HEALTH Secretary Enrique Ona has received flak for his statement last week blaming religion for the stigma that help spread leprosy in the country.
“For hundreds of years the Church was the only one preaching for compassion on the lepers. For hundreds of years the Church was the only institution caring for the lepers. And along comes the health secretary blaming religion for spreading leprosy stigma,” Fr. Rey V. Culaba, CSsR, a priest based in San Francisco, said Friday in an email to Cathnews Philippines.
Father Culaba said Ona must be trying to justify his department’s failure in eradicating leprosy in the country and was using the Church and religion as scapegoat.
“When was the last time Secretary Ona was in church listening to a sermon stigmatizing leprosy?
“For no priest in his right mind would preach this, not even on a bad nothing-to-preach-about day.

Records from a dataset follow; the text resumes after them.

Lemma pexpectM_indep (A : {set T}) (f g : {set T} -> R) :
  determined_by A f -> determined_by (~: A) g ->
  pexpect (fun G => f G * g G) = pexpect f * pexpect g.
Proof.
move=> fA gA; have one (B : {set T}) : determined_by B (fun _ => 1 : R) by [].
pose w (B : {set T}) (h : {set T} -> R) :=
  \sum_(G1 : {set T} | G1 \subset B) pweight_on B G1 * h G1.
(* Splitting against [1] shows that pexpect f and pexpect g are the two
   marginal sums times the total masses of the other side, whose product is
   pexpect 1 = 1. *)
have mass1 : w A (fun _ => 1) * w (~: A) (fun _ => 1) = 1.
  rewrite -pexpectM_split // -[RHS]pexpect1.
  by apply: eq_pexpect => G; rewrite mulr1.
have -> : pexpect f = w A f * w (~: A) (fun _ => 1).
  by rewrite -pexpectM_split //; apply: eq_pexpect => G; rewrite mulr1.
have -> : pexpect g = w A (fun _ => 1) * w (~: A) g.
  by rewrite -pexpectM_split //; apply: eq_pexpect => G; rewrite mul1r.
rewrite (pexpectM_split fA gA); move: mass1.
move: (w A _) (w (~: A) _) => a b ab; rewrite -[LHS]mulr1 -ab /w; ring.
Qed.

Lemma pexpect_prod_indep (I : eqType) (s : seq I) (A : I -> {set T})
    (f : I -> {set T} -> R) :
  uniq s -> {in s &, forall i j, i != j -> [disjoint A i & A j]} ->
  {in s, forall i, determined_by (A i) (f i)} ->
  pexpect (fun G => \prod_(i <- s) f i G) = \prod_(i <- s) pexpect (f i).
Proof.
elim: s => [_ _ _|i s IHs /andP[i_notin_s uniq_s] disjA fA].
  by rewrite big_nil; under eq_pexpect do rewrite big_nil; exact: pexpect1.
have disj_s : {in s &, forall j k, j != k -> [disjoint A j & A k]}.
  by move=> j k js ks; apply: disjA; rewrite inE ?js ?ks orbT.
rewrite big_cons -IHs //; last by move=> j js; apply: fA; rewrite inE js orbT.
under eq_pexpect do rewrite big_cons.
apply: (@pexpectM_indep (A i)) => [|G]; first by apply: fA; rewrite mem_head.
rewrite big_seq [RHS]big_seq; apply: eq_bigr => j js.
have fjA : determined_by (A j) (f j) by apply: fA; rewrite inE js orbT.
have sAj : A j \subset ~: A i.
  rewrite -finset.disjoints_subset disjA ?inE ?js ?orbT ?eqxx //.
  by apply: contraNneq i_notin_s => <-.
by rewrite fjA [RHS]fjA -finset.setIA (finset.setIidPr sAj).
Qed.

Lemma pexpect_expR_indicator (t : R) (B : {set T} -> bool) :
  pexpect (fun G => expR (t * (B G)%:R)) <=
  expR ((expR t - 1) * pexpect (fun G => (B G)%:R)).
Proof.
under eq_pexpect do rewrite expR_mul_bool.
by rewrite pexpectD pexpect_cst pexpectZ; exact: expR_ge1Dx.
Qed.

Hypothesis c_ge0 : forall e b, 0 <= c e b.

Lemma ler_pexpect (F H : {set T} -> R) :
  (forall G, F G <= H G) -> pexpect F <= pexpect H.
Proof.
by move=> FH; apply: ler_sum => G _; apply: ler_wpM2l; [exact: prodr_ge0|].
Qed.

For Compassion for the Leper comes from the Gospel and from our Lord Jesus Christ Himself,” the priest said.
In a report by Inquirer.Net, Ona said the stigma of leprosy was still very obvious in the Philippines particularly from the pulpit.
“There is always a time where leprosy is talked about in sermons… in the church. We have to do something about that,” Ona was quoted as saying at a press conference with top officials of the World Health Organization-Western Pacific Region.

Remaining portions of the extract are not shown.